Apalagi dalam kasus ini, polisi baru bisa menangkap pelaku dua tahun kemudian.

kumparan post embed

"Terkait perlindungan saksi dan korban dalam perkara ini, LPSK selalu berupaya memberikan dukungan penuh kepada aparat penegak hukum untuk mengungkap perkara ini," kata Susilaningtias.

"LPSK memberikan perlindungan kepada saksi dan/atau korban yang domisili tempat tinggalnya tersebar di beberapa wilayah, dengan selalu dapat menghadirkan para saksi dan korban pada saat pemeriksaan di Polda Jatim ketika akan dimintai keterangan," pungkasnya.

Warga menyaksikan upaya penangkapan Moch Subchi Azal Tsani (MSAT) di Pondok Pesantren (Ponpes) Shiddiqiyah Kecamatan Ploso, Jombang, Jawa Timur, Kamis (7/7/2022) malam. Foto: ANTARA FOTO/Syaiful Arif

Pasal yang Dijeratkan pada Mas Bechi

Mas Bechi yang bekerja sebagai guru di ponpes ayahnya dijerat dengan Pasal 285 KUHP dan atau Pasal 294 KUHP ayat (2) ke-2.

Bunyi Pasal 285 KUHP adalah:

Barang siapa dengan kekerasan atau ancaman kekerasan memaksa seorang wanita bersetubuh dengan dia di luar perkawinan, diancam karena melakukan perkosaan dengan pidana penjara paling lama dua belas tahun.

Sedang Pasal 294 ayat (2) ke-2 KUHP berbunyi:

2. pengurus, tabib, guru, pegawai, mandor (opzichter) atau bujang dalam penjara, rumah tempat melakukan pekerjaan untuk negeri (landswerkinrichting), rumah pendidikan, rumah piatu, rumah sakit, rumah sakit ingatan atau balai derma, yang melakukan pencabulan dengan orang yang ditempatkan di situ.

Latar Belakang Kasus Mas Bechi

Kasus ini mencuat setelah santriwati di salah satu ponpes itu melaporkan Mas Bechi ke Polres Jombang. Santriwati itu mengaku dicabuli oleh Mas Bechi pada pertengahan tahun 2017.
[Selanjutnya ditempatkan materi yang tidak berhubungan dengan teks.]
(* Let $n\geq 2$. For every integer $k$ with $0\leq k\leq (n-2)!$ there exists a u-word for $n$-permutations with incomparable elements at distance $n-1$ (in the sense defined in the context) of length $n!+(1-k)(n-1)$. In other words, such u-words exist of each of the lengths $n!+n-1,\ n!,\ n!-(n-1),\ \ldots,\ n!-(n-1)!+n-1$.
   Context: An $n$-permutation is a permutation $\pi=\pi_1\cdots\pi_n$ of $\{1,\ldots,n\}$. Let $w=w_1\cdots w_n$ be a word of length $n$ over the positive integers, where letters may repeat; equal letters are treated as incomparable. The word $w$ covers the $n$-permutation $\pi$ if for all $i,j\in\{1,\ldots,n\}$, $w_i<w_j$ implies $\pi_i<\pi_j$ (that is, $\pi$ is a linear extension of the partial order on positions induced by $w$, in which positions holding equal letters are incomparable). For example, $112$ covers $123$ and $213$. A u-word (universal word) for $n$-permutations is a finite word $u=u_1\cdots u_N$ over the positive integers with $N\geq n$ such that every $n$-permutation is covered by exactly one of the $N-n+1$ factors $u_iu_{i+1}\cdots u_{i+n-1}$, $1\leq i\leq N-n+1$. The u-word uses incomparable elements at distance $n-1$ if whenever $u_i=u_j$ with $i<j$, we have $j-i\geq n-1$ (so inside any factor of length $n$ only the first and last letters can be equal). *)

From mathcomp Require Import all_boot all_order all_algebra.
Set Implicit Arguments.
Unset Strict Implicit.
Unset Printing Implicit Defensive.

(* Words are finite sequences of naturals; positions are 0-indexed. *)

Definition is_nperm (n : nat) (p : seq nat) : bool := perm_eq p (iota 1 n).

Definition pos_word (u : seq nat) : bool := all (fun x => 0 < x) u.

Definition covers (w p : seq nat) : bool :=
  (size w == size p) &&
  [forall i : 'I_(size w), forall j : 'I_(size w),
     (nth 0 w i < nth 0 w j) ==> (nth 0 p i < nth 0 p j)].

Definition factor (u : seq nat) (i n : nat) : seq nat := take n (drop i u).

Definition uword (n : nat) (u : seq nat) : Prop :=
  pos_word u /\ n <= size u /\
  forall p : seq nat, is_nperm n p ->
    count (fun i => covers (factor u i n) p) (iota 0 (size u - n).+1) = 1.

(* Incomparable elements at distance n-1: equal letters at positions i < j
   satisfy j - i >= n - 1. *)
Definition dist_incomp (n : nat) (u : seq nat) : Prop :=
  forall i j : nat, i < j < size u -> nth 0 u i = nth 0 u j -> n - 1 <= j - i.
Mas Bechi adalah anak seorang kiai pengurus ponpes, KH Muhammad Mukhtar Mukti. Kasus dugaan asusila ini kemudian diambil alih oleh Polda Jatim dari Polres Jombang.

kumparan post embed

Mas Bechi dijadwalkan diperiksa sejak Desember 2019. Dua kali dipanggil, Mas Bechi tak kunjung datang. Mas Bechi pada 2020 dalam kasus ini sudah ditetapkan sebagai tersangka.

Polisi berjaga di depan gerbang Pondok Pesantren Shiddiqiyyah Ploso saat proses upaya penangkapan Moch Subchi Azal Tsani (MSAT) di Jombang, Jawa Timur, Kamis (7/7/2022). Foto: Syaiful Arif/ANTARA FOTO

Setelah berbagai upaya dilakukan, Mas Bechi akhirnya menyerahkan diri pada Kamis (7/7/2022) malam. Proses penangkapan Mas Bechi cukup alot. Hampir sekitar 15 jam Polda Jatim dan Polres Jombang mengerahkan pasukannya untuk mengepung ponpes milik orang tua Mas Bechi.

Pada hari penangkapan, banyak insiden yang terjadi. Salah satunya yaitu Kasat Reskrim Polres Jombang AKP Giadi Nugraha disiram air panas. Dari informasi yang di dapat, penyiraman dilakukan oleh relawan Mas Bechi yang berusaha menghalangi penangkapan.